Exercise aim – What you should output is the data below, unchanged in every character.

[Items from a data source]
☆ ☆ ☆ ☆

(* Let $H(s)=\sum_{a=1}^M H_a(s)$, $0\le s\le1$, be a differentiable family of stoquastic frustration-free Hamiltonians on $\mathcal{Q}^n$ with $J=\max_s\|dH(s)/ds\|$. Let $T$ be a positive integer and $H^{(j)}=H(j/T)$ for $j=0,\ldots,T$. Assume each $H^{(j)}$ has a unique ground-state $|\psi^{(j)}\rangle$, with $H^{(j)}|\psi^{(j)}\rangle=0$, chosen to be a non-negative state, and let $\Delta$ be the smallest, over $j=0,\ldots,T$, of the spectral gap of $H^{(j)}$ (the difference between its smallest and second smallest eigenvalues). Then for every $j=0,\ldots,T-1$, $$\langle\psi^{(j+1)}|\psi^{(j)}\rangle\ge 1-\frac{J^2}{T^2\Delta^2}.$$
   Context: $\mathcal{Q}^n=(\mathbb{C}^2)^{\otimes n}$ with standard basis $\{|x\rangle\}$. A local Hamiltonian $H=\sum_a H_a$ (each term acting on $O(1)$ qubits) is stoquastic if each term has real non-positive off-diagonal entries in the standard basis, and frustration-free if each term is positive semidefinite and the ground-state of $H$ is a zero eigenvector of every term. A non-negative state is a normalized vector with real non-negative amplitudes in the standard basis. *)

From HB Require Import structures.
From mathcomp Require Import all_boot all_order all_algebra.
From mathcomp Require Import all_classical all_reals all_analysis.
Set Implicit Arguments. Unset Strict Implicit. Unset Printing Implicit Defensive.
Import Order.TTheory GRing.Theory Num.Theory.
Import numFieldNormedType.Exports.
Local Open Scope ring_scope.
Local Open Scope classical_set_scope.

Section QDefs.
Variable R : realType.
Variable N : nat.

(* Operators on Q^n are represented by real N x N matrices (N = 2^n) in the
   standard basis; stoquastic Hermitian operators have real entries. *)
Definition hermitian (A : 'M[R]_N) : Prop := A^T = A.

Definition stoquastic (A : 'M[R]_N) : Prop :=
  hermitian A /\ forall i j : 'I_N, i != j -> A i j <= 0.

Definition qform (A : 'M[R]_N) (v : 'cV[R]_N) : R := (v^T *m A *m v) 0 0.

Definition psd (A : 'M[R]_N) : Prop :=
  hermitian A /\ forall v : 'cV[R]_N, 0 <= qform A v.

Definition vnorm (v : 'cV[R]_N) : R := Num.sqrt (\sum_i v i 0 ^+ 2).

Definition opnorm (A : 'M[R]_N) : R :=
  sup [set vnorm (A *m v) | v in [set v : 'cV[R]_N | vnorm v = 1]].

Definition inner (u v : 'cV[R]_N) : R := (u^T *m v) 0 0.

Definition nonneg_state (v : 'cV[R]_N) : Prop :=
  (forall i, 0 <= v i 0) /\ vnorm v = 1.

Definition is_min_eig (A : 'M[R]_N) (l0 : R) : Prop :=
  eigenvalue A l0 /\ forall l, eigenvalue A l -> l0 <= l.

(* second smallest eigenvalue, counted with multiplicity *)
Definition is_second_eig (A : 'M[R]_N) (l0 l1 : R) : Prop :=
  if (2 <= \rank (eigenspace A l0))%N then l1 = l0
  else [/\ eigenvalue A l1, l0 < l1 &
         forall l, eigenvalue A l -> l0 < l -> l1 <= l].

Definition is_spectral_gap (A : 'M[R]_N) (d : R) : Prop :=
  exists l0 l1, [/\ is_min_eig A l0, is_second_eig A l0 l1 & d = l1 - l0].

End QDefs.

Definition Htot (R : realType) (N M : nat) (H : 'I_M -> R -> 'M[R]_N) (s : R)
  : 'M[R]_N := \sum_(a < M) H a s.

Definition dHtot (R : realType) (N M : nat) (H : 'I_M -> R -> 'M[R]_N) (s : R)
  : 'M[R]_N := \matrix_(i, k) derive1 (fun t => Htot H t i k) s.

Definition frustration_free (R : realType) (N M : nat) (Hs : 'I_M -> 'M[R]_N)
  : Prop :=
  (forall a, psd (Hs a)) /\
  exists v : 'cV[R]_N, v != 0 /\ forall a, Hs a *m v = 0.

Definition cont_on_01 (R : realType) (f : R -> R) : Prop :=
  {within `[0%R, 1%R]%classic, continuous f}.
Lemma continuous_within_snd (S T U : topologicalType) (A : set S) (B : set T)
    (f : T -> U) :
  {within B, continuous f} -> {within A `*` B, continuous (fun q => f q.2)}.
Proof.
move=> cf; apply: (continuous_within_comp (B := B) (f := snd)) => //.
- by move=> q [].
- exact/continuous_subspaceT/snd_continuous.
Qed.

Lemma subspace_homeoX (S S' T T' : topologicalType) (A : set S) (A' : set S')
    (B : set T) (B' : set T') (f : S -> T) (g : T -> S) (f' : S' -> T')
    (g' : T' -> S') :
  subspace_homeo A B f g -> subspace_homeo A' B' f' g' ->
  subspace_homeo (A `*` A') (B `*` B') (fun q => (f q.1, f' q.2))
    (fun q => (g q.1, g' q.2)).
Proof.
move=> [fAB [gBA [gf [fg [cf cg]]]]] [fAB' [gBA' [gf' [fg' [cf' cg']]]]].
split; first by move=> q [Aq A'q]; split; [exact: fAB|exact: fAB'].
split; first by move=> q [Bq B'q]; split; [exact: gBA|exact: gBA'].
split; first by move=> [a a'] [/= Aa A'a]; rewrite gf ?gf'.
split; first by move=> [b b'] [/= Bb B'b]; rewrite fg ?fg'.
split; apply: continuous_within_pair.
- exact: continuous_within_fst.
- exact: continuous_within_snd.
- exact: continuous_within_fst.
- exact: continuous_within_snd.
Qed.

Lemma subspace_homeo_val (T : topologicalType) (V : set T) (t0 : V) :
  subspace_homeo [set: V] V val (fun z => insubd t0 z : V).
Proof.
split; first by move=> t _; exact: set_valP.
split=> //; split; first by move=> t _; exact: valKd.
split; first by move=> z Vz; rewrite val_insubd mem_set.
split; first exact/continuous_subspaceT/initial_continuous.
apply: (continuous_within_insubd (g := id)) => //.
exact/continuous_subspaceT/id_continuous.
Qed.

Lemma quotient_map_continuous (X Y : topologicalType) (D : set (set X))
    (p : X -> Y) :
  is_quotient_map_of D p -> continuous p.
Proof. by move=> [_ [_ [_ qtop]]]; apply/continuousP => O /qtop. Qed.

Section Trivialization.
Variables (X Y F : topologicalType) (p : X -> Y) (V : set Y).
Variables (h : X -> F * Y) (k : F * Y -> X).
Hypothesis hk_homeo : subspace_homeo (p @^-1` V) (setT `*` V) h k.
Hypothesis h_snd : forall x, V (p x) -> (h x).2 = p x.

Lemma trivialization_fibre (b : F * Y) : V b.2 -> p (k b) = b.2.
Proof.
have [_ [kBA [_ [hk _]]]] := hk_homeo.
by move=> Vb; rewrite -h_snd ?hk //; exact: kBA.
Qed.

Lemma trivializationK (u : X) : V (p u) -> k ((h u).1, p u) = u.
Proof.
have [_ [_ [kh _]]] := hk_homeo.
by move=> Vu; rewrite -h_snd // -surjective_pairing kh.
Qed.

Lemma trivialization_section_continuous (f : F) :
  {within V, continuous (fun z => k (f, z))}.
Proof.
have [_ [_ [_ [_ [_ ck]]]]] := hk_homeo.
apply: (continuous_within_comp (B := setT `*` V) (f := fun z => (f, z))) => //.
apply: (continuous_within_pair (f := fun=> f) (g := id));
  apply: continuous_subspaceT; [exact: cst_continuous|exact: id_continuous].
Qed.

☆ ☆ ☆ ☆

Task response –
(* Let $H(s)=\sum_{a=1}^M H_a(s)$, $0\le s\le1$, be a differentiable family of stoquastic frustration-free Hamiltonians on $\mathcal{Q}^n$ with $J=\max_s\|dH(s)/ds\|$. Let $T$ be a positive integer and $H^{(j)}=H(j/T)$ for $j=0,\ldots,T$. Assume each $H^{(j)}$ has a unique ground-state $|\psi^{(j)}\rangle$, with $H^{(j)}|\psi^{(j)}\rangle=0$, chosen to be a non-negative state, and let $\Delta$ be the smallest, over $j=0,\ldots,T$, of the spectral gap of $H^{(j)}$ (the difference between its smallest and second smallest eigenvalues). Then for every $j=0,\ldots,T-1$, $$\langle\psi^{(j+1)}|\psi^{(j)}\rangle\ge 1-\frac{J^2}{T^2\Delta^2}.$$
   Context: $\mathcal{Q}^n=(\mathbb{C}^2)^{\otimes n}$ with standard basis $\{|x\rangle\}$. A local Hamiltonian $H=\sum_a H_a$ (each term acting on $O(1)$ qubits) is stoquastic if each term has real non-positive off-diagonal entries in the standard basis, and frustration-free if each term is positive semidefinite and the ground-state of $H$ is a zero eigenvector of every term. A non-negative state is a normalized vector with real non-negative amplitudes in the standard basis. *)

From HB Require Import structures.
From mathcomp Require Import all_boot all_order all_algebra.
From mathcomp Require Import all_classical all_reals all_analysis.
Set Implicit Arguments. Unset Strict Implicit. Unset Printing Implicit Defensive.
Import Order.TTheory GRing.Theory Num.Theory.
Import numFieldNormedType.Exports.
Local Open Scope ring_scope.
Local Open Scope classical_set_scope.

Section QDefs.
Variable R : realType.
Variable N : nat.

(* Operators on Q^n are represented by real N x N matrices (N = 2^n) in the
   standard basis; stoquastic Hermitian operators have real entries. *)
Definition hermitian (A : 'M[R]_N) : Prop := A^T = A.

Definition stoquastic (A : 'M[R]_N) : Prop :=
  hermitian A /\ forall i j : 'I_N, i != j -> A i j <= 0.

Definition qform (A : 'M[R]_N) (v : 'cV[R]_N) : R := (v^T *m A *m v) 0 0.

Definition psd (A : 'M[R]_N) : Prop :=
  hermitian A /\ forall v : 'cV[R]_N, 0 <= qform A v.

Definition vnorm (v : 'cV[R]_N) : R := Num.sqrt (\sum_i v i 0 ^+ 2).

Definition opnorm (A : 'M[R]_N) : R :=
  sup [set vnorm (A *m v) | v in [set v : 'cV[R]_N | vnorm v = 1]].

Definition inner (u v : 'cV[R]_N) : R := (u^T *m v) 0 0.

Definition nonneg_state (v : 'cV[R]_N) : Prop :=
  (forall i, 0 <= v i 0) /\ vnorm v = 1.

Definition is_min_eig (A : 'M[R]_N) (l0 : R) : Prop :=
  eigenvalue A l0 /\ forall l, eigenvalue A l -> l0 <= l.

(* second smallest eigenvalue, counted with multiplicity *)
Definition is_second_eig (A : 'M[R]_N) (l0 l1 : R) : Prop :=
  if (2 <= \rank (eigenspace A l0))%N then l1 = l0
  else [/\ eigenvalue A l1, l0 < l1 &
         forall l, eigenvalue A l -> l0 < l -> l1 <= l].

Definition is_spectral_gap (A : 'M[R]_N) (d : R) : Prop :=
  exists l0 l1, [/\ is_min_eig A l0, is_second_eig A l0 l1 & d = l1 - l0].

End QDefs.

Definition Htot (R : realType) (N M : nat) (H : 'I_M -> R -> 'M[R]_N) (s : R)
  : 'M[R]_N := \sum_(a < M) H a s.

Definition dHtot (R : realType) (N M : nat) (H : 'I_M -> R -> 'M[R]_N) (s : R)
  : 'M[R]_N := \matrix_(i, k) derive1 (fun t => Htot H t i k) s.

Definition frustration_free (R : realType) (N M : nat) (Hs : 'I_M -> 'M[R]_N)
  : Prop :=
  (forall a, psd (Hs a)) /\
  exists v : 'cV[R]_N, v != 0 /\ forall a, Hs a *m v = 0.

Definition cont_on_01 (R : realType) (f : R -> R) : Prop :=
  {within `[0%R, 1%R]%classic, continuous f}.
Lemma continuous_within_snd (S T U : topologicalType) (A : set S) (B : set T)
    (f : T -> U) :
  {within B, continuous f} -> {within A `*` B, continuous (fun q => f q.2)}.
Proof.
move=> cf; apply: (continuous_within_comp (B := B) (f := snd)) => //.
- by move=> q [].
- exact/continuous_subspaceT/snd_continuous.
Qed.

Lemma subspace_homeoX (S S' T T' : topologicalType) (A : set S) (A' : set S')
    (B : set T) (B' : set T') (f : S -> T) (g : T -> S) (f' : S' -> T')
    (g' : T' -> S') :
  subspace_homeo A B f g -> subspace_homeo A' B' f' g' ->
  subspace_homeo (A `*` A') (B `*` B') (fun q => (f q.1, f' q.2))
    (fun q => (g q.1, g' q.2)).
Proof.
move=> [fAB [gBA [gf [fg [cf cg]]]]] [fAB' [gBA' [gf' [fg' [cf' cg']]]]].
split; first by move=> q [Aq A'q]; split; [exact: fAB|exact: fAB'].
split; first by move=> q [Bq B'q]; split; [exact: gBA|exact: gBA'].
split; first by move=> [a a'] [/= Aa A'a]; rewrite gf ?gf'.
split; first by move=> [b b'] [/= Bb B'b]; rewrite fg ?fg'.
split; apply: continuous_within_pair.
- exact: continuous_within_fst.
- exact: continuous_within_snd.
- exact: continuous_within_fst.
- exact: continuous_within_snd.
Qed.

Lemma subspace_homeo_val (T : topologicalType) (V : set T) (t0 : V) :
  subspace_homeo [set: V] V val (fun z => insubd t0 z : V).
Proof.
split; first by move=> t _; exact: set_valP.
split=> //; split; first by move=> t _; exact: valKd.
split; first by move=> z Vz; rewrite val_insubd mem_set.
split; first exact/continuous_subspaceT/initial_continuous.
apply: (continuous_within_insubd (g := id)) => //.
exact/continuous_subspaceT/id_continuous.
Qed.

Lemma quotient_map_continuous (X Y : topologicalType) (D : set (set X))
    (p : X -> Y) :
  is_quotient_map_of D p -> continuous p.
Proof. by move=> [_ [_ [_ qtop]]]; apply/continuousP => O /qtop. Qed.

Section Trivialization.
Variables (X Y F : topologicalType) (p : X -> Y) (V : set Y).
Variables (h : X -> F * Y) (k : F * Y -> X).
Hypothesis hk_homeo : subspace_homeo (p @^-1` V) (setT `*` V) h k.
Hypothesis h_snd : forall x, V (p x) -> (h x).2 = p x.

Lemma trivialization_fibre (b : F * Y) : V b.2 -> p (k b) = b.2.
Proof.
have [_ [kBA [_ [hk _]]]] := hk_homeo.
by move=> Vb; rewrite -h_snd ?hk //; exact: kBA.
Qed.

Lemma trivializationK (u : X) : V (p u) -> k ((h u).1, p u) = u.
Proof.
have [_ [_ [kh _]]] := hk_homeo.
by move=> Vu; rewrite -h_snd // -surjective_pairing kh.
Qed.

Lemma trivialization_section_continuous (f : F) :
  {within V, continuous (fun z => k (f, z))}.
Proof.
have [_ [_ [_ [_ [_ ck]]]]] := hk_homeo.
apply: (continuous_within_comp (B := setT `*` V) (f := fun z => (f, z))) => //.
apply: (continuous_within_pair (f := fun=> f) (g := id));
  apply: continuous_subspaceT; [exact: cst_continuous|exact: id_continuous].
Qed.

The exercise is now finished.